How much is an i3? Surely well under $200.
A saving of $100 from BOM would translate to $200 reduction in SRP. Remember this isn't just CPU, but CPU + Chipset and other smaller components.

Apple could easily make that saving and more. You can also look at iPad Pro selling price as reference.

This. Also, there is a possibility Apple is willing to forego some profit (make only 70% rather than 100% profit) as a strategy to seed the market in order to give developers an incentive to adopt ARM faster.
Their push into services would be helped by having more volume products. I'm suspect this is why the iPhone SE was priced so low.
They already have distributed cheap developer machines.

And their profit on Mac hardware is only 15-20%. You may price at double build costs, but there is still design, R&D, testing, sales, marketing, distribution, support, warranty costs and admin overhead to be accounted for.

An i3 laptop has more Intel silicon in it than just the i3.

It also requires more energy, which means larger batteries, which means more dollars.

https://www.google.com/amp/s/www.wsj.com/amp/articles/apple-...

>The new Mac processors will shave $75 to $150 off the cost of building a computer, estimate analysts, who say Apple can pass those savings on to customers and shareholders.

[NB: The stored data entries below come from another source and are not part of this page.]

(* Consider the cyclically closed $2\times2\times M$ Ising-type model described in the context, with real couplings $J_1,\dots,J_5$, temperature $T>0$ and $\beta=1/(k_BT)$. Set $p_1=e^{\beta J_1}$, $q_1=e^{\beta J_2}$, $q_2=e^{2\beta J_3}$, $u_1=e^{\beta J_4}$, $v_1=e^{4\beta J_5}$ and $$\lambda_{\max}=4p_1^2u_1^{-2}v_1^{-1}+4u_1^2p_1^{-2}v_1^{-1}+4v_1q_2^{-2}+2q_2^2v_1q_1^{-4}+q_1^4q_2^2v_1p_1^{-4}u_1^{-4}+p_1^4q_1^4q_2^2u_1^4v_1 .$$ Then the free energy per site $f(T)=-k_BT\lim_{M\to\infty}\frac{1}{4M}\ln Z_M$ equals $-\frac{k_BT}{4}\ln\lambda_{\max}$, the internal energy per site $u(T)=-T^2\partial_T[f/T]$ equals $k_BT^2\partial_T[\frac14\ln\lambda_{\max}]$, and the heat capacity per site $C=\partial_T u$ equals $2k_BT\partial_T[\frac14\ln\lambda_{\max}]+k_BT^2\partial_T^2[\frac14\ln\lambda_{\max}]$.
   Context: Sites $t_i^m$, $i\in\{0,1,2,3\}$ (indices mod 4), $m\in\{0,\dots,M-1\}$, cyclically closed ($t_i^M\equiv t_i^0$), spins $\sigma_i^m\in\{-1,1\}$. The cube energy is $$\mathcal H^m=-\sum_{r=0}^{3}\Big(J_1\sigma_r^m\sigma_r^{m+1}+J_2\sigma_r^m\sigma_{r+1}^m\sigma_r^{m+1}\sigma_{r+1}^{m+1}+J_3\sigma_r^m\sigma_{r+2}^m\sigma_r^{m+1}\sigma_{r+2}^{m+1}+J_4\prod_{i\ne r}\sigma_i^m\sigma_i^{m+1}+J_5\prod_{i=0}^3\sigma_i^m\sigma_i^{m+1}\Big),$$ $\mathcal H=\sum_{m=0}^{M-1}\mathcal H^m$, and $Z_M=\sum_{\sigma\in\{-1,1\}^{4M}}e^{-\beta\mathcal H(\sigma)}$. *)

From HB Require Import structures.
From mathcomp Require Import all_boot all_order all_algebra.
From mathcomp Require Import all_classical all_reals all_analysis.
Set Implicit Arguments. Unset Strict Implicit. Unset Printing Implicit Defensive.
Import Order.TTheory GRing.Theory Num.Theory.
Import numFieldNormedType.Exports.
Local Open Scope classical_set_scope.
Local Open Scope ring_scope.
(* Let $J\subseteq\mathbb R$ be an open interval, $A:J\to\mathbb R$ of class $C^3$, and $x_0\in J$ with $A''(x_0)\neq0$; let $\kappa_0=A''(x_0)/s(x_0)^3$. If $\tilde\epsilon>0$ is sufficiently small, then there is $\tilde\delta>0$ with $\tilde I=(x_0-\tilde\delta,x_0+\tilde\delta)\subset J$ (namely the $\delta$ furnished by the following local statement applied with $\epsilon=\tilde\epsilon$: for every three-tuple $\mathbf z$ of distinct points of $\Gamma(\tilde I)=\{x+iA(x):x\in\tilde I\}$ one has $|c^2(\mathbf z)-\kappa_0^2|<\tilde\epsilon$, $|\mathtt S[\mathrm{Re}K_\Gamma](\mathbf z)-\frac32c^2(\mathbf z)|<\tilde\epsilon$ and $|\mathtt S[\mathrm{Im}K_\Gamma](\mathbf z)+\frac12c^2(\mathbf z)|<\tilde\epsilon$) such that for every three-tuple $\mathbf z$ of non-collinear points in $\Gamma(\tilde I)^3$, $$\Bigl|\frac{\mathtt S[\mathrm{Re}K_\Gamma](\mathbf z)}{c^2(\mathbf z)}-\frac32\Bigr|<\frac{\tilde\epsilon}{\kappa_0^2-\tilde\epsilon},\qquad \Bigl|\frac{\mathtt S[\mathrm{Im}K_\Gamma](\mathbf z)}{c^2(\mathbf z)}+\frac12\Bigr|<\frac{\tilde\epsilon}{\kappa_0^2-\tilde\epsilon}.$$
   Context: $\Gamma=\{x+iA(x): x\in J\}$, $s(x)=\sqrt{1+(A'(x))^2}$. The kernel (normalizing factor $1/(2\pi)$ omitted) is $K_\Gamma(w,z)=\dfrac{A'(x)-i}{s(x)\,[\,x-y+i(A(x)-A(y))\,]}$ for $w=x+iA(x)$, $z=y+iA(y)$, $x\neq y$. For $K$ defined off the diagonal and distinct $z_1,z_2,z_3$, $\mathtt S[K](\mathbf z)=\sum_{\sigma\in S_3}K(z_{\sigma(1)},z_{\sigma(2)})\overline{K(z_{\sigma(1)},z_{\sigma(3)})}$. The Menger curvature $c(\mathbf z)$ is $0$ for collinear points and otherwise the reciprocal of the radius of the circle through the three points. *)

From Stdlib Require Import Reals.
From Coquelicot Require Import Coquelicot.
Open Scope R_scope.

Definition inJ (a b : Rbar) (x : R) : Prop := Rbar_lt a x /\ Rbar_lt x b.

Definition C3_on (a b : Rbar) (A : R -> R) : Prop :=
  (forall x, inJ a b x -> forall k, (k <= 3)%nat -> ex_derive_n A k x) /\
  (forall x, inJ a b x -> continuous (Derive_n A 3) x).

Definition sfun (A : R -> R) (x : R) : R := sqrt (1 + (Derive A x) ^ 2).

Definition kappa0 (A : R -> R) (x0 : R) : R := Derive_n A 2 x0 / (sfun A x0) ^ 3.

Definition onGamma (A : R -> R) (x0 delta : R) (z : C) : Prop :=
  exists x, Rabs (x - x0) < delta /\ z = (x, A x).

Definition KGamma (A : R -> R) (w z : C) : C :=
  let x := Re w in let y := Re z in
  Cdiv (Derive A x, -1) (Cmult (RtoC (sfun A x)) (x - y, A x - A y)).

(* S[K](z1,z2,z3) = sum_{sigma in S_3} K(z_s1, z_s2) * conj(K(z_s1, z_s3)),
   for a real-valued kernel K (so conjugation is the identity). *)
Definition Sreal (K : C -> C -> R) (z1 z2 z3 : C) : R :=
    K z1 z2 * K z1 z3 + K z1 z3 * K z1 z2
  + K z2 z1 * K z2 z3 + K z2 z3 * K z2 z1
  + K z3 z1 * K z3 z2 + K z3 z2 * K z3 z1.

Definition ReK (A : R -> R) : C -> C -> R := fun w z => Re (KGamma A w z).
Definition ImK (A : R -> R) : C -> C -> R := fun w z => Im (KGamma A w z).

Definition collinear (z1 z2 z3 : C) : Prop :=
  exists p q r : R, (p <> 0 \/ q <> 0) /\
    p * Re z1 + q * Im z1 = r /\ p * Re z2 + q * Im z2 = r /\
    p * Re z3 + q * Im z3 = r.

Definition menger (z1 z2 z3 : C) (c : R) : Prop :=
  (collinear z1 z2 z3 /\ c = 0) \/
  (~ collinear z1 z2 z3 /\
   exists (p : C) (rad : R), 0 < rad /\
     Cmod (Cminus z1 p) = rad /\ Cmod (Cminus z2 p) = rad /\
     Cmod (Cminus z3 p) = rad /\ c = / rad).

From Stdlib Require Import Reals Lra Lia Psatz.
From Coquelicot Require Import Coquelicot.
Open Scope R_scope.

(* Write m(x, y) for the slope of the chord of the graph over [x, y] and
   D(x, y) = (A'(x) - m(x, y)) / (x - y) = [x, x, y]A.  On the graph the kernel is explicit,
   Re K = D / (s (1 + m^2)), the Menger curvature of three graph points is
   c^2 = 4 [x1, x2, x3]A^2 / prod (1 + m_ij^2), and S[Re K] + S[Im K] = c^2 (Melnikov's identity).
   As the three points merge at x0, the mean value theorem and Taylor's formula make every m_ij
   tend to A'(x0) and every D(x_i, x_j), as well as [x1, x2, x3]A, tend to A''(x0) / 2.  Hence
   c^2 -> kappa0^2, S[Re K] -> 3/2 kappa0^2 and S[Im K] = c^2 - S[Re K] -> -1/2 kappa0^2, and
   dividing by c^2 > kappa0^2 - eps gives the bounds on the ratios. *)

(** * The kernel on the graph *)

Definition slope (A : R -> R) (x y : R) : R := (A y - A x) / (y - x).

Definition confluent_divdiff (A : R -> R) (x y : R) : R :=
  (Derive A x - slope A x y) / (x - y).

Definition divdiff2 (A : R -> R) (x1 x2 x3 : R) : R :=
  (slope A x1 x3 - slope A x1 x2) / (x3 - x2).

Definition graph_curv2 (A : R -> R) (x1 x2 x3 : R) : R :=
  4 * divdiff2 A x1 x2 x3 ^ 2 /
  ((1 + slope A x1 x2 ^ 2) * (1 + slope A x1 x3 ^ 2) * (1 + slope A x2 x3 ^ 2)).

Definition ReK_pair (A : R -> R) (x y z : R) : R :=
  confluent_divdiff A x y * confluent_divdiff A x z /
  ((1 + Derive A x ^ 2) * (1 + slope A x y ^ 2) * (1 + slope A x z ^ 2)).

Definition graph_SRe (A : R -> R) (x1 x2 x3 : R) : R :=
  2 * (ReK_pair A x1 x2 x3 + ReK_pair A x2 x1 x3 + ReK_pair A x3 x1 x2).

Lemma sfun_gt0 A x : 0 < sfun A x.
Proof. apply sqrt_lt_R0; nra. Qed.

Lemma sfun_sq A x : sfun A x ^ 2 = 1 + Derive A x ^ 2.
Proof. apply pow2_sqrt; nra. Qed.

Lemma one_plus_sq_neq0 m : 1 + m ^ 2 <> 0.
Proof. nra. Qed.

$200-300. Intel's site doesn't list a price for the exact part that's in the current Air, but a similar part is $281.

https://ark.intel.com/content/www/us/en/ark/products/196588/...

Apple doesn't pay anywhere near full retail.
Sure, but if Apple saves $100 in material costs, this means something like $200 less on the list price. The build and parts costs are usually less then half of the sales price.
The quoted price is not retail, it is volume pricing at 1,000 units for direct customers.